Exercise objective: Starting at the line that holds "constraints g : 'I_m" and stopping at the line that holds "(i : 'I_m + 'I_p) : 'rV[R]_n", restate the records below word for word, with both of those lines included.

------------------------------------------------

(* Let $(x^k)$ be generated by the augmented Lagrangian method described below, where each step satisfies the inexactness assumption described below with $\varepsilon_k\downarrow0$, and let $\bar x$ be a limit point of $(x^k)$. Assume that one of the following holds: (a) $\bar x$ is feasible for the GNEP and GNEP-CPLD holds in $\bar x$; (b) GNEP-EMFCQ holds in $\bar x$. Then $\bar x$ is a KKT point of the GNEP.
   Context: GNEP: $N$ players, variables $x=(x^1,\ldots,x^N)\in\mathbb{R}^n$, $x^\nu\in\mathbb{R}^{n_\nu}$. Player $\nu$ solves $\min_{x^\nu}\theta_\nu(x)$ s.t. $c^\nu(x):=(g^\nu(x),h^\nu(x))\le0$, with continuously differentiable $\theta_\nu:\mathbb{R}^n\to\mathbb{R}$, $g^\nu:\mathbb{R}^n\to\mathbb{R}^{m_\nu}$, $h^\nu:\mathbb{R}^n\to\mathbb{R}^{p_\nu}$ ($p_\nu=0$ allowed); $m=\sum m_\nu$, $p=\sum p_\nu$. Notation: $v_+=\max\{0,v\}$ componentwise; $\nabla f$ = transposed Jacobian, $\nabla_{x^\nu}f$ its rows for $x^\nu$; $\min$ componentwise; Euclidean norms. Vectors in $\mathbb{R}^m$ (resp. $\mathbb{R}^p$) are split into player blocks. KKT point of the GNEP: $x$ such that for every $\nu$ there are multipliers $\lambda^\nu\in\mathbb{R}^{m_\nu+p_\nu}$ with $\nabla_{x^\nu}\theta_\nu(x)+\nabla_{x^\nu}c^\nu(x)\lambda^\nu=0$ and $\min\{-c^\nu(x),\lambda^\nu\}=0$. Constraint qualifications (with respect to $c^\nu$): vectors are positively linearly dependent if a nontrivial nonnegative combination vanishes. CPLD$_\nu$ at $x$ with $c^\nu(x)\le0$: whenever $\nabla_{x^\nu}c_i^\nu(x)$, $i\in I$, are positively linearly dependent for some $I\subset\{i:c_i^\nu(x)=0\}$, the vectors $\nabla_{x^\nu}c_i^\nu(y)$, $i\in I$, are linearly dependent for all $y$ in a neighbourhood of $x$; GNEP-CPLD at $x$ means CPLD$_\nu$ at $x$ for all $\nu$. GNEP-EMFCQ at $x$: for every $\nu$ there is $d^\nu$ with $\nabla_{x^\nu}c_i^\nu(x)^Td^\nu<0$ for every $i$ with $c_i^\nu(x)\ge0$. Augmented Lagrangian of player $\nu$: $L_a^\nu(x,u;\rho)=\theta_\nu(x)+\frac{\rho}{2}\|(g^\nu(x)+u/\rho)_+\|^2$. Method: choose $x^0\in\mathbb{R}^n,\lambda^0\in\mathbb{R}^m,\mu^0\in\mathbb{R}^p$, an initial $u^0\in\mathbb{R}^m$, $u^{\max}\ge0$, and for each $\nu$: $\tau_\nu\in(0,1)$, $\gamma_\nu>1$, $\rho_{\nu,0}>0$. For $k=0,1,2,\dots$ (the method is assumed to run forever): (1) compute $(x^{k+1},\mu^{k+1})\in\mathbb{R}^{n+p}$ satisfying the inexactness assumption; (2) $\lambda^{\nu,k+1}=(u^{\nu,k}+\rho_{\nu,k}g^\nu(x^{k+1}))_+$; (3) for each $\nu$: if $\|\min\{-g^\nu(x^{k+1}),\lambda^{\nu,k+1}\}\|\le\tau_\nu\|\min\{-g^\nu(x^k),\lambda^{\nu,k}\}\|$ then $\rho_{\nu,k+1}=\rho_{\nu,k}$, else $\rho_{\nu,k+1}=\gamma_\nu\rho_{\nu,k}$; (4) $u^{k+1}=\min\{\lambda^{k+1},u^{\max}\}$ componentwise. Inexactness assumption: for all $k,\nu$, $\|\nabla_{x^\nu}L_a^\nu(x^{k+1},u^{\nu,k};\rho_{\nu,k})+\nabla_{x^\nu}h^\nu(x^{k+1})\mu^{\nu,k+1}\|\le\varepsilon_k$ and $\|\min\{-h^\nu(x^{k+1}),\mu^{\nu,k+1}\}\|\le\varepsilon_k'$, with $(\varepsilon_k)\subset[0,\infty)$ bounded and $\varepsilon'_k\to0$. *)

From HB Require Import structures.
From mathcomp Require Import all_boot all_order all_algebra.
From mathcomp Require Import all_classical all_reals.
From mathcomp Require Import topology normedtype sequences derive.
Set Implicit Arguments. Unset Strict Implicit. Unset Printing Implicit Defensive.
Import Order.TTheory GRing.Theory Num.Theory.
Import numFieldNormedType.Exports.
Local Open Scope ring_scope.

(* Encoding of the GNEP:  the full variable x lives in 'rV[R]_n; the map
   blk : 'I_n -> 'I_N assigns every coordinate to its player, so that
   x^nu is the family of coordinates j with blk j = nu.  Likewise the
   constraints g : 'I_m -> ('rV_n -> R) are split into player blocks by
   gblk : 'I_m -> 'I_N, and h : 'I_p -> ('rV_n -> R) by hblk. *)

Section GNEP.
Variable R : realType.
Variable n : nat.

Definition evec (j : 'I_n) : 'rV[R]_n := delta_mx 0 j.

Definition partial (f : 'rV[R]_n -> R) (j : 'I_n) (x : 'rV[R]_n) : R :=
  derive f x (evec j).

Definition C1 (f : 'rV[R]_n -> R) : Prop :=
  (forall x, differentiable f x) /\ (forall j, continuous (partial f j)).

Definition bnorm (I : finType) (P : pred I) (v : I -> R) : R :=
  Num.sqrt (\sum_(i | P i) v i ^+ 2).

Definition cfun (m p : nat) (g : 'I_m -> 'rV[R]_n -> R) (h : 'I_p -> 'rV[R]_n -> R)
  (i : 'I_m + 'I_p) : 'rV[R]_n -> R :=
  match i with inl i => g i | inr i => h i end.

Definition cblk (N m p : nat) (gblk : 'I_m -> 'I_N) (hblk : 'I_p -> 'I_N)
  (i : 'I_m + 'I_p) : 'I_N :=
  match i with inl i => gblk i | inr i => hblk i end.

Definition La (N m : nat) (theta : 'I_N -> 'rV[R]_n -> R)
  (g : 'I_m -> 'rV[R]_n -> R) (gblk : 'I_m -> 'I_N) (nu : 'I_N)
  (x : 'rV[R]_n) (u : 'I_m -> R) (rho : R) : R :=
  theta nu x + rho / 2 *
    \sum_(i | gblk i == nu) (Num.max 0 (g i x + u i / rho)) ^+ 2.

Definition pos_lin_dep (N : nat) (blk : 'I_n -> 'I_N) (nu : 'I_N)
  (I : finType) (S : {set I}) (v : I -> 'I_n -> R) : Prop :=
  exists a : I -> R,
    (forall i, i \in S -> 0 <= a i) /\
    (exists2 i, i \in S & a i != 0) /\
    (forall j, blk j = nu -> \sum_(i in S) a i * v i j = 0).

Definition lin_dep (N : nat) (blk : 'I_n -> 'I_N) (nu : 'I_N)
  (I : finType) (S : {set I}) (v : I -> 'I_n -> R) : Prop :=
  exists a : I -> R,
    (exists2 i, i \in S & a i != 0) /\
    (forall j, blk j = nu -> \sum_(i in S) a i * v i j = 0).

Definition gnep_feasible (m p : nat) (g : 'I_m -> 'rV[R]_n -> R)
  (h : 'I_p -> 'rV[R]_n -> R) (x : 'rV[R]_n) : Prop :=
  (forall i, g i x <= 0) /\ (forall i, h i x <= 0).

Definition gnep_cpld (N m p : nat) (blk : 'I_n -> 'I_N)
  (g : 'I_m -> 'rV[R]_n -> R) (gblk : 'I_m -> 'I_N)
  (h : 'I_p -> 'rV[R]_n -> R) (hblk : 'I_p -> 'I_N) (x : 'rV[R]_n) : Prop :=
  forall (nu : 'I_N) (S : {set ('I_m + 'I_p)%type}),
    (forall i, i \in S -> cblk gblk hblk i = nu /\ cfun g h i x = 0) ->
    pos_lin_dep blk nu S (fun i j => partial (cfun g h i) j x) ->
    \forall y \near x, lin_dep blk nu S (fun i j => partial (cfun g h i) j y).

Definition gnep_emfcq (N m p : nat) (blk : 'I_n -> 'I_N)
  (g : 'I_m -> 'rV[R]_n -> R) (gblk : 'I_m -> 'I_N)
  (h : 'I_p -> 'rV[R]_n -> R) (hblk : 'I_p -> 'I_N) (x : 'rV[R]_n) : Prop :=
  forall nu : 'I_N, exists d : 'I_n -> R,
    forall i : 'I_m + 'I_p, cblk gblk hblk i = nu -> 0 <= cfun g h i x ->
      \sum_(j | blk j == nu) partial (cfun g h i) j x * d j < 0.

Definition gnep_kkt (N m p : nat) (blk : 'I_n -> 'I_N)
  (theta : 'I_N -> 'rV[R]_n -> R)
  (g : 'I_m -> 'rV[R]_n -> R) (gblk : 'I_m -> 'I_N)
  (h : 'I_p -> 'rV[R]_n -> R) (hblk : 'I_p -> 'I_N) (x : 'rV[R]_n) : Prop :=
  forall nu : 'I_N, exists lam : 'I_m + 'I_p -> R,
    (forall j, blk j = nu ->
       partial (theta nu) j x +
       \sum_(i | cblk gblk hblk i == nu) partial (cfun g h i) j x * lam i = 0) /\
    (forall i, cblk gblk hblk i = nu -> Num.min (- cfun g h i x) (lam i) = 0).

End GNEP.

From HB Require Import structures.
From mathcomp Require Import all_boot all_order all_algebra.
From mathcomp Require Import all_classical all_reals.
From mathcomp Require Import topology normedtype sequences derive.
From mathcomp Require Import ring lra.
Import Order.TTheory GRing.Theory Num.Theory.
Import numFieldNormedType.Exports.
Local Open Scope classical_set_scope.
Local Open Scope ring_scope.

------------------------------------------------

Answer below:
   constraints g : 'I_m -> ('rV_n -> R) are split into player blocks by
   gblk : 'I_m -> 'I_N, and h : 'I_p -> ('rV_n -> R) by hblk. *)

Section GNEP.
Variable R : realType.
Variable n : nat.

Definition evec (j : 'I_n) : 'rV[R]_n := delta_mx 0 j.

Definition partial (f : 'rV[R]_n -> R) (j : 'I_n) (x : 'rV[R]_n) : R :=
  derive f x (evec j).

Definition C1 (f : 'rV[R]_n -> R) : Prop :=
  (forall x, differentiable f x) /\ (forall j, continuous (partial f j)).

Definition bnorm (I : finType) (P : pred I) (v : I -> R) : R :=
  Num.sqrt (\sum_(i | P i) v i ^+ 2).

Definition cfun (m p : nat) (g : 'I_m -> 'rV[R]_n -> R) (h : 'I_p -> 'rV[R]_n -> R)
  (i : 'I_m + 'I_p) : 'rV[R]_n -> R :=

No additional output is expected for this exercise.